Wherever the string "negbK" appears in the entries below, return the line that holds it.

━━━━━ Supplied records

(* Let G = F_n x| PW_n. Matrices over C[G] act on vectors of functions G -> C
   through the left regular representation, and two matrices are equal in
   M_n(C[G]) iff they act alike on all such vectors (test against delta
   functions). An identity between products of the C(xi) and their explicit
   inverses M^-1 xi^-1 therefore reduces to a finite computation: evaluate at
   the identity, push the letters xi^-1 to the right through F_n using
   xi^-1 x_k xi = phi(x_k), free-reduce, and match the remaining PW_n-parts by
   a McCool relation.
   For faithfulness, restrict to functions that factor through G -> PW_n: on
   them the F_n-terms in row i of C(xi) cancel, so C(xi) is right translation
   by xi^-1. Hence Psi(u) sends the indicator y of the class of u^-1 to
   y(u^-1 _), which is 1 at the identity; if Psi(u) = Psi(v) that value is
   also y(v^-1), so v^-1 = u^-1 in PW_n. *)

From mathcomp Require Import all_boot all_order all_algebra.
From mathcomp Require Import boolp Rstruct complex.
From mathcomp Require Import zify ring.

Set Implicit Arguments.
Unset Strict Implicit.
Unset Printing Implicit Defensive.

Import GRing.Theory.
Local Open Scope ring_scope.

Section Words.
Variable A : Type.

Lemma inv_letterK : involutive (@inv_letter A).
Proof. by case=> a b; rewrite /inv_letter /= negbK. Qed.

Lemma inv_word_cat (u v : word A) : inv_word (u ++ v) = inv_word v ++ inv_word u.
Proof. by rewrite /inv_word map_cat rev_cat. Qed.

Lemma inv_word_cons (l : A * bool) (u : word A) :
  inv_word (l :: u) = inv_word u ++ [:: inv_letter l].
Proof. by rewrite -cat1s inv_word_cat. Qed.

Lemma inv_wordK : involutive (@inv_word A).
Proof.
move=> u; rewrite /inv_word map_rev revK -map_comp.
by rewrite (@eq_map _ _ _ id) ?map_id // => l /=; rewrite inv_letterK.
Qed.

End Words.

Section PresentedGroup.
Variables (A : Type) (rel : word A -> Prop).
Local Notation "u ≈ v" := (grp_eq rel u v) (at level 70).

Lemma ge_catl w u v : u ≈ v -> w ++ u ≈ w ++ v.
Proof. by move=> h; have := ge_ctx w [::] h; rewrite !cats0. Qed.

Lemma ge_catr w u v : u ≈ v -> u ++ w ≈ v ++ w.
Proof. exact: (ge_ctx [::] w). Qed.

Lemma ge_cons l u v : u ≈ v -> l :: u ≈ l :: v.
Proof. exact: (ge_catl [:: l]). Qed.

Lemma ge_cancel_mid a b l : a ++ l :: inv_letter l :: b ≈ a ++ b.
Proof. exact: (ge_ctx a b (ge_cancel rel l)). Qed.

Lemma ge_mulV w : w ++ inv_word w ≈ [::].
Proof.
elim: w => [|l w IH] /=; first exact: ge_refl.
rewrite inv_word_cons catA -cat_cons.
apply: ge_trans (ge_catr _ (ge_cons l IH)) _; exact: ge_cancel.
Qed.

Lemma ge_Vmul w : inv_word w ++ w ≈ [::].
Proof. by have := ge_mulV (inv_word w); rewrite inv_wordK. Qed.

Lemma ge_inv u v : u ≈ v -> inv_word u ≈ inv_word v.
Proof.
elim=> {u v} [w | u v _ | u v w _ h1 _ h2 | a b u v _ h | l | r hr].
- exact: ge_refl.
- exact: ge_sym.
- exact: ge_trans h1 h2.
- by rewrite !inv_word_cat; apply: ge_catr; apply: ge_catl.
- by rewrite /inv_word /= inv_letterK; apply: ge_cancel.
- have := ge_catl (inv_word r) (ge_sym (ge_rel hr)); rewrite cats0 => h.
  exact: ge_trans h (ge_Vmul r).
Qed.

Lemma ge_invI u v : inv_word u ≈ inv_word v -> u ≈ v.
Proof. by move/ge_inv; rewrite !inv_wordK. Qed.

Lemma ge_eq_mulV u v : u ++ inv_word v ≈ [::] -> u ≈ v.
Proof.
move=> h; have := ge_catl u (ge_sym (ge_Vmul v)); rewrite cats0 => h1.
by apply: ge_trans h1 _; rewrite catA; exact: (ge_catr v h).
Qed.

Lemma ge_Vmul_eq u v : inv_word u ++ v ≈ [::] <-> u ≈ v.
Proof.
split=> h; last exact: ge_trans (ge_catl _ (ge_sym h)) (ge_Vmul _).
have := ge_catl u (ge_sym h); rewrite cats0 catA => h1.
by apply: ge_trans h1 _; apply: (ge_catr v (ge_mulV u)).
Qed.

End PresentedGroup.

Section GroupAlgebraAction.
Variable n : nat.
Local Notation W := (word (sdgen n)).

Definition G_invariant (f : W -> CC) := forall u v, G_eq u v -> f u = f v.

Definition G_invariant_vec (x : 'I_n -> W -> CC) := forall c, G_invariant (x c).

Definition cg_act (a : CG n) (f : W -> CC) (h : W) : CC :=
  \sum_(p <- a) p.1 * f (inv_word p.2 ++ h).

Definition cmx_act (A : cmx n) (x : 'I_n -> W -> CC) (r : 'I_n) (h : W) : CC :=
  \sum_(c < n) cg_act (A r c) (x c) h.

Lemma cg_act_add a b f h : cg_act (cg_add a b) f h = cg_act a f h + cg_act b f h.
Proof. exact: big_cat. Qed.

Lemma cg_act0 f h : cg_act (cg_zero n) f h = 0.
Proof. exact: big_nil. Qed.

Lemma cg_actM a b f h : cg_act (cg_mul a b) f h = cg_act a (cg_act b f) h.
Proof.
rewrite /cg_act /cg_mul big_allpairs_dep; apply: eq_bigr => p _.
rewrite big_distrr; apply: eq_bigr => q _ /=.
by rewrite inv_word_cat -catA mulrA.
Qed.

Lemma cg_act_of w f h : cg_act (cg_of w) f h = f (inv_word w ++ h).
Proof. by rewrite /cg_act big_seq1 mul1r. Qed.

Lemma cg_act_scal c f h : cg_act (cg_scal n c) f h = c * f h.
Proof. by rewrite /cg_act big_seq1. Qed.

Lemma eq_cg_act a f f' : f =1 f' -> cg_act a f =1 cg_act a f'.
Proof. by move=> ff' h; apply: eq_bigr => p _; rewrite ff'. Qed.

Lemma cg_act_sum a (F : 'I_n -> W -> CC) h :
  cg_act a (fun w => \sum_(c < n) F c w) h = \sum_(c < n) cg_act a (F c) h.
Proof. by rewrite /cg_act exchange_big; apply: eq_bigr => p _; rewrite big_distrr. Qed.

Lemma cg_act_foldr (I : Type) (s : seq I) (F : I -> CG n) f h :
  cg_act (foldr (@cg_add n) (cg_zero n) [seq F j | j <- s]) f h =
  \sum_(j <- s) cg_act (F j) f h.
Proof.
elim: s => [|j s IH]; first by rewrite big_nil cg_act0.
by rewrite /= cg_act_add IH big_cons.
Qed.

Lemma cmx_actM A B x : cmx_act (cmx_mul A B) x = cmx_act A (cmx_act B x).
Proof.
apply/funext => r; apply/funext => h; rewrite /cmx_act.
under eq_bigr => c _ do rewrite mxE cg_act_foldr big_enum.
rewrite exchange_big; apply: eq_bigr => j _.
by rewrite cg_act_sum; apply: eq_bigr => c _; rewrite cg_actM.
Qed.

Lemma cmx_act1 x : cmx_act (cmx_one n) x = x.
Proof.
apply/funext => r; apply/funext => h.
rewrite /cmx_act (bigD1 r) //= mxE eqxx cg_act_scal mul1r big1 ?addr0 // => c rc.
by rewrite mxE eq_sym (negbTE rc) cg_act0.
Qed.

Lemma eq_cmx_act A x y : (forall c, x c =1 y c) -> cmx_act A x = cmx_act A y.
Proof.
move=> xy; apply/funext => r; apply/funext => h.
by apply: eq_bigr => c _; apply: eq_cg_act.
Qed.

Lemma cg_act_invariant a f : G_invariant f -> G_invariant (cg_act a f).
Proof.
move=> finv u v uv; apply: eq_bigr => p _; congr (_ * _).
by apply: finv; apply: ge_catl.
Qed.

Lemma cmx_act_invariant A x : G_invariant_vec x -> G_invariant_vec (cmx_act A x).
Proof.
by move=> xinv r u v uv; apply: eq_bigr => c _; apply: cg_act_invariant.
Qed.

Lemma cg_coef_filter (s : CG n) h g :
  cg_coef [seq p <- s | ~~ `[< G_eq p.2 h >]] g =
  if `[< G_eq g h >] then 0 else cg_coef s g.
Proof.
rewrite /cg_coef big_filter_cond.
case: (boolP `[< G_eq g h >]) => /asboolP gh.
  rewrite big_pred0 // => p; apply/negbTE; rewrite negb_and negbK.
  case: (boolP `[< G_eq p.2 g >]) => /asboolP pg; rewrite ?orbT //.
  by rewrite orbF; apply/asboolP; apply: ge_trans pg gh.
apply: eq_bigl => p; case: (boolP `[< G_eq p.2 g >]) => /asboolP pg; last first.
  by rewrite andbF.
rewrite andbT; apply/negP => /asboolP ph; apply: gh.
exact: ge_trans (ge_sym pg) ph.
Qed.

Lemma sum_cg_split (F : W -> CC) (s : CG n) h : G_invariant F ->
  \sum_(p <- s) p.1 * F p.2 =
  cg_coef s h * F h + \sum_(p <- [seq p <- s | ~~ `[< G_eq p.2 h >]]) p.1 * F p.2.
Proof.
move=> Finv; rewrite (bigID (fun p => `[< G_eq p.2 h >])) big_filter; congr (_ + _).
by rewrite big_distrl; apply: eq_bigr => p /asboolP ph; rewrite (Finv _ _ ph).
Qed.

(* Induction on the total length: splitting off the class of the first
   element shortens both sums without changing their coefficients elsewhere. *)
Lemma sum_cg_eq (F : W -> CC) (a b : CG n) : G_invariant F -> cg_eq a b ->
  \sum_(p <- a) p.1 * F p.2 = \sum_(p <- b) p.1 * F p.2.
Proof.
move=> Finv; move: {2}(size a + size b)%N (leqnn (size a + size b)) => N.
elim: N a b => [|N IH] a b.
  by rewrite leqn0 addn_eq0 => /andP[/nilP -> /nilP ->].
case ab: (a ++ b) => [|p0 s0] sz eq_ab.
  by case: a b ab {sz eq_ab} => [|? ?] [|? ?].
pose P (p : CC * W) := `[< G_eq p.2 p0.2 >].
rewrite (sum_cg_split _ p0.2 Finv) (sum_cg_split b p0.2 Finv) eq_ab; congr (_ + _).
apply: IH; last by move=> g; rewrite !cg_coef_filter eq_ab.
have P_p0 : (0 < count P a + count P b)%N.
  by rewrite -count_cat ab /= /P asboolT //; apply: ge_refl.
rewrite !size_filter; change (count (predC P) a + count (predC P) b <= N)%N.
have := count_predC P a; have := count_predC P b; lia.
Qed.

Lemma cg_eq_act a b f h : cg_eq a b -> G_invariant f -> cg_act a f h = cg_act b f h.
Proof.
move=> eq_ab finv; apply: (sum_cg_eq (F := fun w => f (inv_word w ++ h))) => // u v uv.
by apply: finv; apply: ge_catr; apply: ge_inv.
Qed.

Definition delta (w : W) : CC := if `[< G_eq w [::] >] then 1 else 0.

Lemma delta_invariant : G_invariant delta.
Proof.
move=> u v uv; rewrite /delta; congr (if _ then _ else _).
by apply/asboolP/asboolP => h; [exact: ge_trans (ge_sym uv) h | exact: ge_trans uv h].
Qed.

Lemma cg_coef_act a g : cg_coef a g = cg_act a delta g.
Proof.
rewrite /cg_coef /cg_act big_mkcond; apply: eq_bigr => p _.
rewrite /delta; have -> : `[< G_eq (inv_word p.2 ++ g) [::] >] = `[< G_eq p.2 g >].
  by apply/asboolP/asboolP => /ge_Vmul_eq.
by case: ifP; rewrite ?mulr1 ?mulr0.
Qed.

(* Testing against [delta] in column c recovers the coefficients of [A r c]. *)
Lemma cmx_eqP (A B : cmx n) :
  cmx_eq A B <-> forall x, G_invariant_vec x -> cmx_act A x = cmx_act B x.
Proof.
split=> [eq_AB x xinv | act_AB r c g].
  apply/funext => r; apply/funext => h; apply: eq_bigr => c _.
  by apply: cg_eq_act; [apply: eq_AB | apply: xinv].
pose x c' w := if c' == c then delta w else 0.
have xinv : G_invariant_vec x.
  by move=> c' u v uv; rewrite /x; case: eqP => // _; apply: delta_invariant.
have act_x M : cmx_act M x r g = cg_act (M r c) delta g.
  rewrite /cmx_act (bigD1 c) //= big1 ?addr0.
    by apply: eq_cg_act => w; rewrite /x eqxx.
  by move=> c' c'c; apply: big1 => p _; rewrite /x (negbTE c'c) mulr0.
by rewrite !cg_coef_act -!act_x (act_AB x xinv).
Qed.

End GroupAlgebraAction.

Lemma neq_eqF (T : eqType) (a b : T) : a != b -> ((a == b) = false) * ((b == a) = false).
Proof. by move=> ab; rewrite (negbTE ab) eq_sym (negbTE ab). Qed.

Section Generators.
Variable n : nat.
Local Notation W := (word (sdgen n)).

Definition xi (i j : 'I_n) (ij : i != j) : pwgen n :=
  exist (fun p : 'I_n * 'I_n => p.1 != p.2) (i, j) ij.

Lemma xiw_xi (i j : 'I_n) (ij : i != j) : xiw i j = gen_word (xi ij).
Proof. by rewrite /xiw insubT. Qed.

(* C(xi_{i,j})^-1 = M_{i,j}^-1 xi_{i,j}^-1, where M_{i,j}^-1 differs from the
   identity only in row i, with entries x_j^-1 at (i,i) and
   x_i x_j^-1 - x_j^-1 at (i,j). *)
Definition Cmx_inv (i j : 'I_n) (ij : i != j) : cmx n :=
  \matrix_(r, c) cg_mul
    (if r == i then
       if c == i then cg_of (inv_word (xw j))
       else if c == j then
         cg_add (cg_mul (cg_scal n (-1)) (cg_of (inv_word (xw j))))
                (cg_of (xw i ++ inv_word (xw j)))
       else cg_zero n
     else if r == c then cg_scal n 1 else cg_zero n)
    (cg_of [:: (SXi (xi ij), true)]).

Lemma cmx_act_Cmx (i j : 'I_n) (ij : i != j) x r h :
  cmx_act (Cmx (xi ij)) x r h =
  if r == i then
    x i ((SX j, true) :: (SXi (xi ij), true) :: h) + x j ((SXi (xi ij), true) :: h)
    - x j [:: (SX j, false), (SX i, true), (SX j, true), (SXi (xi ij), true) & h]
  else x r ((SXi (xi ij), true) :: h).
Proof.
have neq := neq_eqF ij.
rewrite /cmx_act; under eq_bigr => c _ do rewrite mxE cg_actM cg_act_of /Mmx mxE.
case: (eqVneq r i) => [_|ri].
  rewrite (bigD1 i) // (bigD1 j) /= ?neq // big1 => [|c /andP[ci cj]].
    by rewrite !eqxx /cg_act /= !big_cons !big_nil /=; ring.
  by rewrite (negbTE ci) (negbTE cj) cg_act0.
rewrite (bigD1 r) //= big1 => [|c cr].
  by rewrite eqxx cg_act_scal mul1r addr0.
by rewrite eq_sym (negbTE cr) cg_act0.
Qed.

━━━━━━━━━━

# Answer box
Proof. by case=> a b; rewrite /inv_letter /= negbK. Qed.
  rewrite big_pred0 // => p; apply/negbTE; rewrite negb_and negbK.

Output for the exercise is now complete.